In plants, which had not been growing for more than a fortnight, large quantities of food material are often found stored up in the rhizoids whose minor branches penetrate into the algal masses. And it is not uncommon to find some of the branches inside the algal masses swollen and full of food material. It is evident that the plants themselves could not have manufactured all this food material by the activity of its green parts, within such a short time and it gives room to a very strong presumption for an external source of the food material. The extraordinary minute branching of the rhizoids, and the intimate contact of the branches with the algal colonies which resembles the behaviour of the fungal hyphae occurring between the algal cells in the Lichens, further strengthens the presumption, that the relation between the moss rhizoids and the algie, is very likely to be one of parasitism of the rhizoids on the algal colonies. My friend Mr. M. O. Parthasarathy Iyengar collaborates my observation and says that in his wanderings in search of algae he had repeatedly noticed that the young moss plants invariably appear only on substrata which are first covered over with blue green algae. He is inclined to believe that the same thing holds good for the common Liverworts which appear immediately after the monsoon in Madras.

As the mosses grow taller, the algae on the substratum disappear and in the older mosses no algae are found in contact with rhizoids. But it is at the same time interesting to note that the rhizoidal system is also very much reduced in extent by the death of the finer branches. In these, there is a lot of food material found stored in the bigger rhizoidal branches and most of the finer branches are shrivelled up and non-functional. Here and there, a few algal masses are met with on the plants at the axils of the leaves where some dirt has accumilated and into those also rhizoids from the cortical cells of the stem penetrate. But on the whole, in the older -plants the amount of algae in their vicinity is very little when compared with the younger plants.

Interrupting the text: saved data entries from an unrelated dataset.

(* Induction step of [rtype_chain]: if the refined types of i and i' agree
   and no index in between has the same last choice, then the first index
   j1 in between with the same tail type, and i' itself, both leave r. *)
Lemma last_choice_return ts r (P : nat -> seq T) v i j1 i' :
  i < j1 < i' -> P j1 = v -> P i' = v ->
  (forall x, i < x < j1 -> P x != v) ->
  (forall x, i < x < i' -> P x = v ->
     last_choice ts r P v x != last_choice ts r P v i) ->
  last_choice ts r P v i' = last_choice ts r P v i ->
  src (nth t0 ts j1) = r /\ src (nth t0 ts i') = r.
Proof.
set lab := last_choice ts r P v.
move=> /andP[ij1 j1i'] Pj1 Pi' before_j1 differ same.
have j1_r : src (nth t0 ts j1) = r.
  apply/eqP; apply: contraTT (differ j1 _ Pj1) => [not_r|]; last by rewrite ij1.
  rewrite negbK /lab (last_choice_stable (ltnW ij1)) // => x /andP[ix].
  rewrite leq_eqVlt => /orP[/eqP -> | xj1]; first by rewrite (negbTE not_r) andbF.
  by rewrite (negbTE (before_j1 x _)) ?ix.
split=> //; apply/eqP/negPn/negP => not_r.
have avoid m : j1 + m < i' -> lab (j1 + m) != lab i.
  elim: m => [|m IHm] lt_i'; first by rewrite addn0 differ ?ij1 ?j1i'.
  have [Pm|Pm] := eqVneq (P (j1 + m.+1)) v.
    by apply: differ Pm; rewrite lt_i' andbT ltn_addr.
  rewrite /lab (@last_choice_stable _ _ _ _ (j1 + m)) ?addnS ?leqnn //.
    by apply: IHm; rewrite ltnW // -addnS.
  move=> x /andP[lt le]; have -> : x = (j1 + m).+1 by apply/eqP; rewrite eqn_leq le.
  by rewrite -addnS (negbTE Pm).
have i'_pos : 0 < i' by apply: leq_ltn_trans j1i'.
have step : lab i' = lab i'.-1.
  by rewrite /lab [LHS]last_choice_other //; case: (i') i'_pos.
have j1_le : j1 <= i'.-1 by rewrite -ltnS prednK.
have := avoid (i'.-1 - j1); rewrite subnKC // ltn_predL i'_pos -step same.
by rewrite eqxx => /(_ isT).
Qed.

Lemma size_rtype ts rs i : size (rtype ts rs i) = size rs.
Proof. by elim: rs => //= r rs ->. Qed.

Lemma rtype_chain ts rs : chained ts ->
  forall i i', i < i' < size ts -> rtype ts rs i = rtype ts rs i' ->
  (forall j, i < j < i' -> rtype ts rs j != rtype ts rs i) ->
  tgt (nth t0 ts i) = src (nth t0 ts i').
Proof.
move=> chain; elim: rs => [|r rs IH] i i' /andP[ii' i'_size].
  move=> _ between; have [i'_eq|lt] := eqVneq i' i.+1.
    by rewrite i'_eq chain // -i'_eq.
  by have := between i.+1; rewrite ltnSn ltn_neqAle eq_sym lt ii' => /(_ isT).
set P := rtype ts rs; set v := P i.
move=> /= [lab_eq Pi'] between; have {}Pi' : P i' = v by [].
move: lab_eq; rewrite -/P -/v Pi' => /esym lab_eq.
have differ x : i < x < i' -> P x = v ->
    last_choice ts r P v x != last_choice ts r P v i.
  by move=> ix Px; have := between x ix; rewrite /= -/P Px; apply: contra => /eqP ->.
have [returns|no_return] := boolP [exists x : 'I_i', (i < x) && (P x == v)].
  have exP : exists x, (i < x < i') && (P x == v).
    by have /existsP[x /andP[ix Px]] := returns; exists x; rewrite ix ltn_ord.
  have [j1 /andP[/andP[ij1 j1i'] /eqP Pj1] first] := ex_minnP exP.
  have before x : i < x < j1 -> P x != v.
    move=> /andP[ix xj1]; apply: contraTN (xj1) => /eqP Px.
    by rewrite -leqNgt first // ix (ltn_trans xj1 j1i') Px eqxx.
  have [j1_r i'_r] := last_choice_return (P := P) (ts := ts) (r := r)
    (introT andP (conj ij1 j1i')) Pj1 Pi' before differ lab_eq.
  by rewrite (IH i j1) ?j1_r ?i'_r ?ij1 ?(ltn_trans j1i' i'_size) ?Pj1.
apply: IH; rewrite ?ii' ?Pi' // => j /andP[ij ji']; apply: contraNN no_return.
by move=> Pj; apply/existsP; exists (Ordinal ji'); rewrite /= ij.
Qed.

Lemma rtype_label ts rs i p : p \in rs -> src (nth t0 ts i) = p ->
  nth t0 (rtype ts rs i) (index p rs) = nth t0 ts i.
Proof.
elim: rs => //= r rs IH; rewrite inE => p_in src_i.
have [r_p|r_p] := eqVneq r p.
  by rewrite -r_p in src_i; case: (i) src_i => [|n] /= ->; rewrite !eqxx.
by rewrite /= IH //; move: p_in; rewrite eq_sym (negbTE r_p).
Qed.

Lemma rtype_mem ts rs i (S : pred T) :
  (forall x, nth t0 ts x \in S) -> (forall r, dflt r \in S) ->
  all (mem S) (rtype ts rs i).
Proof.
move=> ts_S dflt_S; elim: rs => //= r rs ->; rewrite andbT.
by move: (rtype ts rs i) => v; elim: i => [|j IH] /=; case: ifP.
Qed.

Lemma rtype_prefix ts ts' rs i :
  (forall j, j <= i -> nth t0 ts j = nth t0 ts' j) ->
  rtype ts rs i = rtype ts' rs i.
Proof.
elim: rs i => //= r rs IH i same.
have P_same j : j <= i -> rtype ts rs j = rtype ts' rs j.
  by move=> ji; apply: IH => x xj; apply: same; apply: leq_trans xj ji.
rewrite (P_same i) //; congr (_ :: _); apply: last_choice_prefix => x xi.
by rewrite same ?P_same.
Qed.

Lemma rtype_unlabelled ts ts' rs i :
  (forall j, j < i -> nth t0 ts j = nth t0 ts' j) ->
  src (nth t0 ts i) = src (nth t0 ts' i) -> src (nth t0 ts i) \notin rs ->
  rtype ts rs i = rtype ts' rs i.
Proof.
move=> same src_i; elim: rs => //= r rs IH; rewrite inE negb_or => /andP[r_i rs_i].
rewrite (IH rs_i); congr (_ :: _).
rewrite !last_choice_other -?src_i //; case: i same {src_i r_i rs_i IH} => // n same.
apply: last_choice_prefix => x xn; split; first exact: same.
by apply: rtype_prefix => j jx; apply: same; rewrite ltnS (leq_trans jx).
Qed.
End RefinedTypes.

Lemma flatten_single (I : eqType) (U : Type) (l : seq I) (c : I) (f : I -> seq U) :
  uniq l -> c \in l -> (forall j, j != c -> f j = [::]) -> flatten (map f l) = f c.
Proof.
move=> l_uniq c_in empty; elim: l l_uniq c_in => //= j l IH /andP[j_l l_uniq].
rewrite inE; have [j_c _|j_c] := eqVneq j c; last by rewrite empty //= => /IH ->.
subst c.
suff -> : flatten (map f l) = [::] by rewrite cats0.
elim: l j_l {IH l_uniq} => //= x l IHl; rewrite inE negb_or => /andP[j_x j_l].
by rewrite IHl // cats0 empty // eq_sym.
Qed.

The absence of the algae in the later stages of the life of the moss plant may be accounted for by the fact that the conditions near the substratum are no longer favourable to the growth of algae. The moss plants grow very close to each other and to nearly the height of an inch, so that there is very little light available near the substratum. Higher up on the plants themselves the moisture conditions are not favourable except in special situations. But where they occur, rhizoids penetrate them.

The above observations lead the author to believe that the com- mon moss in Madras is parasitic on the blue green algae of the substratum, when the moss plant is young and also in the protonema stage.

Explanation of Figures on page 209

Fig. 1. Moss plant with algal masses attached to the rhizoids.

Fig. 2. Mass of protonema filamonts, some with and some without chloroplasts; ends of filaments broken. One germinating gemma also shown.

Fig. 3. Rhizoidal branch encircling an algal colony.

Fig. 4. Rhizoidal branch with short cells encircling algal cells.

Fig. 5. Nostoc colony crushed showing main rhizoidal branches inside.

Fig. 6. Rhizoidal branches entering Nostoc colonies.

1. Vaizy, J. Reynolds : Ann. of Bat. Vol. 1; p. 148.
2. Haberlandt; Physiological Plant Anatomy ; Enq. Ed. 1914, pp. 226—280, 725.